Hi, I have a bam file from WGS sequencing, wehre I try to identify the integration site(s) of a transgene insertion in the mouse genome.
I have run the mapping of the paired-end samples with bwa against the indexed transgene sequence. The goal was to identify those reads which were mapped with only one read of the pair to the transgene (while the other read of the pair will map to the mouse genome) or such reads, which were soft-clipped, as only part of the read was mapped to the transgene.
I know that the flag
SA stands for such reads, but I am not sure how to extract such reads from the bam file. When I do
grep SA: file.bam do I extract both pairs or only the one which was mapped to the transgene.
Is it better to use samtools to extract reads with a specific flag. Are both reads of the pair being extracted then?
Is there a better way to identify such integration sites of exogenous sequences?
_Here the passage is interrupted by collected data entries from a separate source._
Lemma integral_itvcc_arcsine_weight_le_pi (a b : R) : 0 < a -> a < b -> b < 1 ->
  (\int[mu]_(x in `[a, b]) (arcsine_weight x)%:E <= pi%:E)%E.
Proof.
move=> a0 ab b1.
have asin_cont z : 0 < z < 1 -> {for z, continuous (fun u : R => asin (2 * u - 1))}.
  by move=> /is_derive_asin_affine [d _]; exact/differentiable_continuous/derivable1_diffP.
rewrite (@continuous_FTC2 _ _ (fun u : R => asin (2 * u - 1)) a b ab).
- rewrite -EFinB lee_fin.
  have : asin (2 * b - 1) <= pi / 2 by apply: asin_lepi2; apply/andP; split; lra.
  have : - (pi / 2) <= asin (2 * a - 1) by apply: asin_geNpi2; apply/andP; split; lra.
  lra.
- apply: continuous_in_subspaceT => x; rewrite inE /= in_itv /= => /andP[? ?].
  by apply: continuous_arcsine_weight; apply/andP; split; lra.
- split.
  + move=> x; rewrite in_itv /= => /andP[? ?].
    by case: (@is_derive_asin_affine x) => //; apply/andP; split; lra.
  + by apply: cvg_at_right_filter; apply: asin_cont; apply/andP; split; lra.
  + by apply: cvg_at_left_filter; apply: asin_cont; apply/andP; split; lra.
- move=> x; rewrite in_itv /= => /andP[? ?].
  rewrite derive1E; apply: derive_val; apply: is_derive_asin_affine.
  by apply/andP; split; lra.
Qed.

Lemma integral_arcsine_weight_le_pi :
  (\int[mu]_(x in (`]0%R, 1%R[ : set R)) (arcsine_weight x)%:E <= pi%:E)%E.
Proof.
apply: ge0_integral_itvoo01_le; first exact: measurable_arcsine_weight.
  by move=> x _; exact: arcsine_weight_ge0.
exact: integral_itvcc_arcsine_weight_le_pi.
Qed.

Lemma integrable_arcsine_weight : mu.-integrable (`]0, 1[ : set R) (EFin \o arcsine_weight).
Proof.
apply/integrableP; split; first by apply/measurable_EFinP; exact: measurable_arcsine_weight.
apply: le_lt_trans (le_lt_trans integral_arcsine_weight_le_pi (ltry _)).
rewrite le_eqVlt; apply/orP; left; apply/eqP; apply: eq_integral => x _.
by rewrite /comp abse_EFin ger0_norm // arcsine_weight_ge0.
Qed.

Lemma Rintegral_arcsine_weight_le_pi :
  \int[mu]_(u in (`]0, 1[ : set R)) arcsine_weight u <= pi.
Proof.
rewrite -[pi]/(fine pi%:E); apply: fine_le => //; last exact: integral_arcsine_weight_le_pi.
by apply: integrable_fin_num => //; exact: integrable_arcsine_weight.
Qed.

Lemma integrable_scaled_arcsine_weight (k : R) :
  mu.-integrable (`]0, 1[ : set R) (EFin \o (fun u => k * arcsine_weight u)).
Proof.
apply: (@eq_integrable _ _ _ mu _ (measurable_itv _)
  (fun u => k%:E * (EFin \o arcsine_weight) u)%E).
  by move=> u _; rewrite /= EFinM.
exact: integrableZl integrable_arcsine_weight.
Qed.

End arcsine_weight.

Section holder_facts.
Context {R : realType}.

Lemma holder_CT_ge0 {T gam : R} {f : R -> R -> R} : holder_CT T gam f ->
  exists K : R, 0 <= K /\ forall t s t' s', inCT T t s -> inCT T t' s' ->
    `|f t s - f t' s'| <= K * (`|t - t'| `^ gam + `|s - s'| `^ gam).
Proof.
case=> K HK; exists (Num.max K 0); split; first by rewrite le_max lexx orbT.
move=> t s t' s' h h'; apply: le_trans (HK _ _ _ _ h h') _.
by apply: ler_wpM2r; [rewrite addr_ge0 // powR_ge0 | rewrite le_max lexx].
Qed.

Lemma holder_CT_bounded {T gam : R} {f : R -> R -> R} : 0 < T -> 0 < gam ->
  holder_CT T gam f -> exists M : R, 0 <= M /\ forall t s, inCT T t s -> `|f t s| <= M.
Proof.
move=> T0 gam0 /holder_CT_ge0 [K [K0 HK]].
have CT_mid : inCT T (T / 2) (T / 4) by rewrite /inCT; lra.
exists (`|f (T / 2) (T / 4)| + K * (T `^ gam + T `^ gam)); split.
  by rewrite addr_ge0 // mulr_ge0 // addr_ge0 // powR_ge0.
move=> t s hts; have fK := HK _ _ _ _ hts CT_mid; case: hts => s0 [st tT].
have powR_le_T x : `|x| <= T -> `|x| `^ gam <= T `^ gam.
  by move=> xT; apply: ge0_ler_powR; rewrite ?nnegrE // ltW.
have : `|t - T / 2| `^ gam <= T `^ gam by apply: powR_le_T; rewrite ler_norml; lra.
have : `|s - T / 4| `^ gam <= T `^ gam by apply: powR_le_T; rewrite ler_norml; lra.
have := ler_normD (f t s - f (T / 2) (T / 4)) (f (T / 2) (T / 4)).
by rewrite subrK; have := powR_ge0 T gam; nra.
Qed.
see Extracting chimeric reads from mapping
Thanks Pierre, I am not sure how to use this snippet to my needs. The bam file I have is the results of the combined indexed genome from mouse and transgene. How does it knows which chromosome belongs to mouse and (e.g. host) which to transgene (e.g. virus)? Do I need to change the script to something like this-
But a lot of the reads I have extracted don't have any
SAflags to them
Any ideas why this is?
What's the point of giving a standard reply, if you're not willing to help understanding the answer you give? I have tried to understand your tool and the comments in the linked answer, but I am not sure if this is the correct method. I would appreciate further help.